Mr. and Mrs. are only used when writing about a married couple.
Initials, except for those more famous than the full name, should be used in parentheses following the organization’s full name on first mention. After the first mention, initials are enough.
First Names are only used when mentioning a person for the first time; in excerpts, photo captions and tables; and when writing about two people with the same last name.
Pronouns should not be used as a person’s first mention in a paragraph or an excerpt. A person’s last name or job title needs to be used in every paragraph that mentions them.
“There is X” is not as good as “X is” (“There are some X that are” => “Some X are”), or even “X is there.”

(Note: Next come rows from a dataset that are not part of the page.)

End Pasting.

(** Reparametrisations of the unit interval used to traverse a path
    [t ↦ D(z,t)] forwards on [[0,1/2]] and backwards on [[1/2,1]]:
    [double t = min(2t, 1)] and [double_rev t = min(2 - 2t, 1)]. *)
Section UnitInterval.
Context {R : realType}.
Notation I := (@II R).

Lemma II_ge0 (t : I) : 0 <= set_val t.
Proof. by case/andP: (set_valP t). Qed.

Lemma II_le1 (t : I) : set_val t <= 1.
Proof. by case/andP: (set_valP t). Qed.

Lemma clamp_mem (r : R) : 0 <= r -> Num.min r 1 \in [set x : R | 0 <= x <= 1].
Proof. by move=> r0; apply/mem_set; rewrite /= ge_min lexx orbT le_min r0 ler01. Qed.

Lemma double_ge0 (t : I) : 0 <= 2 * set_val t.
Proof. by rewrite mulr_ge0 // II_ge0. Qed.

Lemma double_rev_ge0 (t : I) : 0 <= 2 - 2 * set_val t.
Proof. by rewrite subr_ge0 -{2}(mulr1 2) ler_pM2l // II_le1. Qed.

Definition double (t : I) : I := SigSub (clamp_mem (double_ge0 t)).
Definition double_rev (t : I) : I := SigSub (clamp_mem (double_rev_ge0 t)).

Lemma double_continuous : continuous double.
Proof.
apply: continuous_comp_initial => t /=.
apply: (@continuous_min R I (fun t => 2 * set_val t) (fun=> 1)); last exact: cst_continuous.
apply: (@continuousM R I (fun=> 2) set_val); first exact: cst_continuous.
exact: set_val_continuous.
Qed.
Section Defs.
Context {R : rcfType}.

Definition cv_at {len : nat} (V : 'cV[R]_len) (i : nat) : R :=
  if insub i is Some i' then V i' 0 else 0.

Definition mx_at {a b : nat} (A : 'M[R]_(a, b)) (r t : nat) : R :=
  match insub r, insub t with Some r', Some t' => A r' t' | _, _ => 0 end.

(* D_1 in R^{N x N m}: column k*m+r is filter r (row r of f, length n0)
   placed cyclically on entries k, ..., k+n0-1 (mod N), zero elsewhere. *)
Definition conv_dict (N : nat) {m n0 : nat} (f : 'M[R]_(m, n0)) : 'M[R]_(N, N * m) :=
  \matrix_(p < N, i < N * m)
    (let k := (i %/ m)%N in let r := (i %% m)%N in
     let d := ((p + N - k) %% N)%N in
     if (d < n0)%N then mx_at f r d else 0).

Definition coherence {a b : nat} (D : 'M[R]_(a, b)) : R :=
  \big[maxr/0]_(i < b) \big[maxr/0]_(j < b | j != i) `|(D^T *m D) i j|.

(* stripe l0,inf norm: Gamma in R^{N m}, stripes of half-width n (spatial
   shifts j-n+1 .. j+n-1 mod N, all channels) *)
Definition in_stripe (N n k j : nat) : bool :=
  let d := ((k + N - j) %% N)%N in (d < n)%N || (N - d < n)%N.

Definition stripe_l0inf (N m n : nat) (G : 'cV[R]_(N * m)) : nat :=
  \max_(j < N) #|[set i : 'I_(N * m) | (G i ord0 != 0%R) && in_stripe N n (i %/ m) j]|.

Definition patch_entry (N m : nat) {len : nat} (V : 'cV[R]_len) (j t r : nat) : R :=
  cv_at V (((j + t) %% N) * m + r)%N.

Definition patch_l2inf (N m n : nat) {len : nat} (V : 'cV[R]_len) : R :=
  \big[maxr/0]_(j < N)
     Num.sqrt (\sum_(t < n) \sum_(r < m) (patch_entry N m V j t r) ^+ 2).

Definition patch_l0inf (N m n : nat) {len : nat} (V : 'cV[R]_len) : nat :=
  \max_(j < N) \sum_(t < n) \sum_(r < m) (patch_entry N m V j t r != 0%R : nat).

Definition soft (b z : R) : R :=
  if z < - b then z + b else if b < z then z - b else 0.

Definition absmax {len : nat} (G : 'cV[R]_len) : R :=
  \big[maxr/0]_(i < len) `|G i 0|.
Definition absmin {len : nat} (G : 'cV[R]_len) : R :=
  \big[minr/absmax G]_(i < len | G i 0 != 0) `|G i 0|.

End Defs.

From HB Require Import structures.
From mathcomp Require Import all_boot all_order all_algebra.
From mathcomp Require Import zify ring lra.
Import Order.TTheory GRing.Theory Num.Theory Num.Def.
Local Open Scope ring_scope.

(* Since the columns of D1 have unit norm, the i-th entry of D1^T Y is
   Gamma_i + (interference of the other atoms) + (noise).  Two atoms interact
   only when their spatial shifts lie in a common stripe, so the interference is
   at most (number of other nonzero atoms of the stripe) * mu * |Gamma^max|, and
   the noise term <d_i, E> is at most the energy of E on the support of d_i,
   i.e. at most eps0 (Cauchy-Schwarz).  Condition (b) places beta1 strictly
   between the largest possible off-support value and the smallest possible
   on-support value of |D1^T Y|, so soft thresholding keeps exactly the support;
   each kept entry is then off by at most the estimation error plus beta1, and
   summing the squares over a patch gives the l2,inf bound. *)

Lemma cyclic_subE (N x y : nat) : (x < N)%N -> (y < N)%N ->
  ((x + N - y) %% N = if (y <= x)%N then x - y else x + N - y)%N.
Proof.
move=> xN yN; case: leqP => yx.
  have -> : (x + N - y = (x - y) + N)%N by lia.
  by rewrite modnDr modn_small //; lia.
by rewrite modn_small //; lia.
Qed.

Periods and Commas are put inside the quote marks even when they are not part of the quote.
The text after a Colon or inside Parentheses starts with a capital letter whenever it is a complete sentence.

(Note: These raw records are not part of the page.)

(* The orbit polynomial is Frobenius-invariant, so it is defined over F and
   is a multiple of the irreducible f. *)
Lemma size_orbit_period m :
  (0 < m)%N -> a ^+ (#|F| ^ m) = a -> (n <= m)%N.
Proof.
case: m => // m _ period.
pose g := \prod_(j < m.+1) ('X - (a ^+ (#|F| ^ j))%:P).
have g_fixed : map_poly (pchar_expr L_card) g = g.
  rewrite rmorph_prod /=.
  under eq_bigr do rewrite map_polyXsubC /= pchar_exprE -exprM -expnSr.
  by rewrite /g big_ord_recr big_ord_recl /= period expn0 expr1 mulrC.
have [h gh] : exists h, g = map_poly phi h.
  by apply: finField_fixed_poly_image => i; rewrite -{2}g_fixed coef_map.
have g_monic : g \is monic by apply: monic_prod_XsubC.
have h_neq0 : h != 0 by rewrite -(map_poly_eq0 phi) -gh monic_neq0.
have g_a : root g a.
  by rewrite rootE horner_prod (bigD1 ord0) //= hornerXsubC expr1 subrr mul0r.
have f_dvd_h : f %| h by apply: (irredp_dvdp_map_root f_irr f_a); rewrite -gh.
have size_h : size h = m.+2.
  rewrite -(size_map_poly phi) -gh size_prod_XsubC.
  by rewrite /index_enum -enumT -cardT card_ord.
by have := dvdp_leq h_neq0 f_dvd_h; rewrite size_h; case: (size f).
Qed.

Lemma frobenius_orbit_period :
  a ^+ (#|F| ^ n) = a /\ forall j, (0 < j < n)%N -> a ^+ (#|F| ^ j) != a.
Proof.
have [m /andP[m_gt0 /eqP period] minimal] := ex_minnP orbit_period_exists.
have aperiodic j : (0 < j < m)%N -> a ^+ (#|F| ^ j) != a.
  case/andP=> j_gt0 lt_jm; apply/negP => /eqP period_j.
  by have := minimal j; rewrite j_gt0 period_j eqxx leqNgt lt_jm => /(_ isT).
suff -> : n = m by [].
by apply/eqP; rewrite eqn_leq size_orbit_period // size_uniq_orbit // uniq_orbit.
Qed.

Lemma root_in_orbit x :
  root fL x -> exists2 j, (j < n)%N & x = a ^+ (#|F| ^ j).
Proof.
move=> fx; have [_ /uniq_orbit uniq_n] := frobenius_orbit_period.
have : x \in orbit n.
  apply: contraT => x_out.
  have all_roots : all (root fL) (x :: orbit n).
    by rewrite /= fx; apply/allP => _ /mapP[j _ ->]; apply: root_orbit.
  have := max_poly_roots fL_neq0 all_roots.
  by rewrite /= x_out uniq_n size_mkseq size_fL ltnn => /(_ isT).
by case/mapP => j; rewrite mem_iota add0n => /andP[_ lt_jn] ->; exists j.
Qed.

End FrobeniusOrbit.

Lemma is_poly_order_prim_root (F R : fieldType) (phi : {rmorphism F -> R})
    (f : {poly F}) a d :
  irreducible_poly f -> root (map_poly phi f) a -> d.-primitive_root a ->
  is_poly_order f d.
Proof.
move=> f_irr f_a prim.
have map_Xn1 t : map_poly phi ('X^t - 1) = 'X^t - 1.
  by rewrite rmorphB /= map_polyXn rmorph1.
have root_Xn1 t : root ('X^t - 1) a = (a ^+ t == 1).
  by rewrite rootE !hornerE subr_eq0.
split; first exact: prim_order_gt0 prim.
  by apply: (irredp_dvdp_map_root f_irr f_a); rewrite map_Xn1 root_Xn1 prim_expr_order.
move=> t t_gt0 f_dvd; apply: dvdn_leq t_gt0 _.
by rewrite (prim_order_dvd prim) -root_Xn1 -map_Xn1 (root_dvdp _ f_a) ?dvdp_map.
Qed.

Lemma dvdn2_expn_add1 d q n :
  (0 < n)%N -> (d %| 2)%N -> (d %| q ^ n + 1)%N -> (d %| q + 1)%N.
Proof.
move=> n_gt0 d2; have : (d <= 2)%N by apply: dvdn_leq.
case: d d2 => [|[|[|]]] // _ _.
by rewrite !dvdn2 !oddD oddX eqn0Ngt n_gt0.
Qed.

Section SCRIMRoot.
Variables (F : finFieldType) (L : fieldType) (phi : {rmorphism F -> L}) (q : nat).
Hypotheses (F_card : #|F| = (q ^ 2)%N) (L_q : [pchar L].-nat q).
Variables (f : {poly F}) (a : L).
Hypotheses (f_scrim : SCRIM q f) (f_a : root (map_poly phi f) a).
Local Notation n := (size f).-1.
Hypothesis n_odd : odd n.

Let L_card : [pchar L].-nat #|F|.
Proof. by rewrite F_card pnatX L_q. Qed.

Let f_irr : irreducible_poly f.
Proof. by case: f_scrim. Qed.

Lemma SCRIM_root_neq0 : a != 0.
Proof.
apply: contraTneq f_a => ->; rewrite rootE horner_coef0 coef_map fmorph_eq0.
by case: f_scrim.
Qed.

Lemma SCRIM_root_expn : a ^+ (q ^ n) = a^-1.
Proof.
have [_ f_cr _ _] := f_scrim.
have [period _] := frobenius_orbit_period L_card f_irr f_a.
have [i _ sigma_a] :=
  root_in_orbit L_card f_irr f_a (root_conj_recip L_q f_cr SCRIM_root_neq0 f_a).
pose sigma (x : L) := (x ^+ q)^-1.
have iter2 j : iter (2 * j) sigma a = a ^+ (#|F| ^ j).
  by rewrite iter_expr_inv oddM /= F_card expnM.
have fix_n : iter n sigma a = a.
  by apply: (iter_fix_odd (i := i)); rewrite // iter2 // -sigma_a.
by rewrite -[in RHS]fix_n iter_expr_inv n_odd invrK.
Qed.

Lemma SCRIM_root_order d : (1 < n)%N -> d.-primitive_root a -> in_D q n d.
Proof.
move=> n_gt1 prim; have a_neq0 := SCRIM_root_neq0.
have [_ aperiodic] := frobenius_orbit_period L_card f_irr f_a.
have inv_of_dvd k : (d %| q ^ k + 1)%N -> a ^+ (q ^ k) = a^-1.
  rewrite (prim_order_dvd prim) exprD expr1 => /eqP a_qk.
  by apply: (mulIf a_neq0); rewrite a_qk mulVf.
have not_dvd k : (0 < k < n)%N -> ~~ (d %| q ^ k + 1)%N.
  move=> /aperiodic; apply: contra => /inv_of_dvd a_qk.
  have -> : (#|F| ^ k = q ^ k * q ^ k)%N.
    by rewrite F_card -expnM -expnD addnn -mul2n mulnC.
  by rewrite exprM a_qk exprVn a_qk invrK.
have d_dvd : (d %| q ^ n + 1)%N.
  by rewrite (prim_order_dvd prim) exprD SCRIM_root_expn expr1 mulVf.
split=> [|//|[_ | k lt_kn]]; first exact: prim_order_gt0 prim; last exact: not_dvd.
have := not_dvd 1%N; rewrite n_gt1 => /(_ isT); apply: contra => d2.
by rewrite expn1 (dvdn2_expn_add1 (ltnW n_gt1) d2 d_dvd).
Qed.

Lemma SCRIM_root_primitive :
  (1 < n)%N -> exists d, in_D q n d /\ d.-primitive_root a.
Proof.
move=> n_gt1; have a_neq0 := SCRIM_root_neq0.
have a_qn1 : a ^+ (q ^ n).+1 = 1 by rewrite -addn1 exprD SCRIM_root_expn expr1 mulVf.
have [d prim _] := prim_order_exists (ltn0Sn _) a_qn1.
by exists d; split; first exact: SCRIM_root_order.
Qed.

End SCRIMRoot.

Theorem mainTheorem5 (q n : nat) (F : finFieldType)
    (Hq : exists p k : nat, [/\ prime p, (0 < k)%N & q = (p ^ k)%N])
    (HF : #|F| = (q ^ 2)%N)
    (Hn : (3 <= n)%N) (Hodd : odd n)
    (f : {poly F}) (Hdeg : size f = n.+1) (Hf : SCRIM q f) :
  (exists s : nat, is_poly_order f s /\ in_D q n s) /\
  (forall (L : finFieldType) (iota : {rmorphism F -> L}) (alpha : L),
      #|L| = (q ^ (2 * n))%N ->
      root (map_poly iota f) alpha ->
      exists d : nat, in_D q n d /\ d.-primitive_root alpha).
Proof.
have [p [k [p_prime _ q_pk]]] := Hq.
have F_char : p \in [pchar F].
  by apply: (card_finPcharP _ p_prime); rewrite HF q_pk -expnM.
have L_q (L : fieldType) (iota : {rmorphism F -> L}) : [pchar L].-nat q.
  by rewrite q_pk pnatX (eq_pnat _ (pcharf_eq (rmorph_pchar iota F_char))) pnat_id.
have n_def : n = (size f).-1 by rewrite Hdeg.
have n_gt1 : (1 < n)%N by apply: leq_trans Hn.
rewrite n_def in Hodd n_gt1 *.
have primitive L iota alpha := @SCRIM_root_primitive F L iota q HF (L_q L iota) f alpha Hf.
split; last by move=> L iota alpha _ /primitive; apply.
have [K [FtoK _]] := countable_algebraic_closure F.
have [alpha f_alpha] : exists alpha, root (map_poly FtoK f) alpha.
  by apply/closed_rootP; rewrite size_map_poly Hdeg eqSS -lt0n (leq_trans _ Hn).
have [d [d_D prim]] := primitive _ _ _ f_alpha Hodd n_gt1.
have [_ _ f_irr _] := Hf.
by exists d; split; first exact: is_poly_order_prim_root f_irr f_alpha prim.
Qed.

Bold Text is only for subheads.
Italics are only for foreign words (not including names), and for sentences that are not an integral part of the article.
Foreign Phrases should only be used when no equally understandable phrase exists in English. They should be followed by a translation.

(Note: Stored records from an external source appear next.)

(* Let $k\ge 0$ and let $\mathcal{M}$ be a uniform oriented matroid of rank $r\ge 2$ on $n=r+k$ elements (i.e. of corank $k$). Then $$\operatorname{diam}(G^*(\mathcal{M}))\le \max\{\operatorname{diam}(G^*(\mathcal{M}')) : \mathcal{M}' \text{ a uniform oriented matroid of rank } r' \text{ on } r'+k \text{ elements},\ 2\le r'\le k+2\}.$$
   Context: Sign vectors: for a finite set $E$ and $X\in\{+,-,0\}^E$, write $X^+=\{e:X_e=+\}$, $X^-=\{e:X_e=-\}$, $X^0=\{e:X_e=0\}$, $\operatorname{supp}(X)=X^+\cup X^-$, and $-X$ for the componentwise negation. For sign vectors $X,Y$, the separating set is $S(X,Y)=(X^+\cap Y^-)\cup(X^-\cap Y^+)$, and the composition $X\circ Y$ is given by $(X\circ Y)_e=X_e$ if $X_e\neq 0$ and $(X\circ Y)_e=Y_e$ otherwise. An oriented matroid $\mathcal{M}=(E,\mathcal{C}^* )$ is a finite set $E$ together with a set $\mathcal{C}^*\subseteq\{+,-,0\}^E$ of (signed) cocircuits satisfying: (CC0) $\mathbf{0}\notin\mathcal{C}^*$; (CC1) $X\in\mathcal{C}^*\Rightarrow -X\in\mathcal{C}^*$; (CC2) if $X,Y\in\mathcal{C}^*$ and $\operatorname{supp}(X)\subseteq\operatorname{supp}(Y)$ then $X=\pm Y$; (CC3) if $X,Y\in\mathcal{C}^*$, $X\neq -Y$ and $e\in S(X,Y)$, then there is $Z\in\mathcal{C}^*$ with $Z^+\subseteq (X^+\cup Y^+)\setminus\{e\}$ and $Z^-\subseteq (X^-\cup Y^-)\setminus\{e\}$. The covectors of $\mathcal{M}$ are $\mathbf{0}$ together with all compositions $X^1\circ\cdots\circ X^k$ ($k\ge 1$) of cocircuits, partially ordered componentwise by $0<+$ and $0<-$ ($+,-$ incomparable). The rank $r$ of $\mathcal{M}$ is the largest $k$ such that there is a chain $\mathbf{0}=V_0<V_1<\cdots<V_k$ of covectors; the corank is $|E|-r$. $\mathcal{M}$ is uniform if $|X^0|=r-1$ for every cocircuit $X$. The cocircuit graph $G^*(\mathcal{M})$ has the cocircuits as vertices, with distinct cocircuits $X,Y$ adjacent iff $|X^0\cap Y^0|\ge r-2$ and $S(X,Y)=\emptyset$. $\operatorname{diam}(G^*(\mathcal{M}))$ is the maximum graph distance between two cocircuits. *)

From mathcomp Require Import all_boot.
Set Implicit Arguments. Unset Strict Implicit. Unset Printing Implicit Defensive.

(* Signs: None = 0, Some true = +, Some false = -. Ground set E = 'I_n. *)
Definition sv (n : nat) := {ffun 'I_n -> option bool}.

Capital Letters are only for names, titles and subheads.
Underlines are never used.
Names of books, movies, plays and events get quote marks, or a link when first mentioned. Names of newspapers and magazines only get capital letters (not italics).
Linking several times to the same page should be avoided. Linking names alone should be avoided, unless linking to an “about” page, a Wikipedia page, etc. Naked URLs should be avoided as well. It is better to set out-of-site links to open in a new tab. (Linking within the site is preferred.)
Subheads use capital letters and shorts the same way titles do. They should not assume the reader has read any part of the article and should not follow each other directly — do not use “sub-subheads.”
Lists can be either made of complete sentences or not, but must be consistent. In the former case, the sentence before the list should also be complete. Lists should be numbered only when the order of items matters. List items only start with capital letters when they are sentences or proper names.
Quote Blocks should follow a complete sentence.
Ellipsis is only used in the middle of a quote, and when it is otherwise suggested that the quote is complete. It should be made of three periods rather than the single ellipsis mark and directly follow the word before it.
Brackets should not be used extensively. Paraphrases and partial quotes are better.
Self-References should only be used when mentioning something that does not usually happen to the author – not “I think,” “I asked,” etc.
Reader References should be as inclusive as possible about our readership, which is intended to include a Jewish community in a wide geographic area with a wide range of ages, educations, interests, and political and religious beliefs. Expressions like “as you have heard” or “our candidate” will needlessly exclude readers.
References to the Article should not state the obvious: Phrases like “here is,” and especially “click here,” should be avoided.
The Philadelphia Jewish Voice is the right name — not “Philadelphia Jewish Voice” or “PJVoice.”
Prime Minister Netanyahu‘s English name is Benjamin — not “Bibi” or “Binyamin,” except in quotes.
ISIL, not ISIS or IS, is the form used, for consistency.
LGBT is the tag used even when the article itself uses a longer acronym.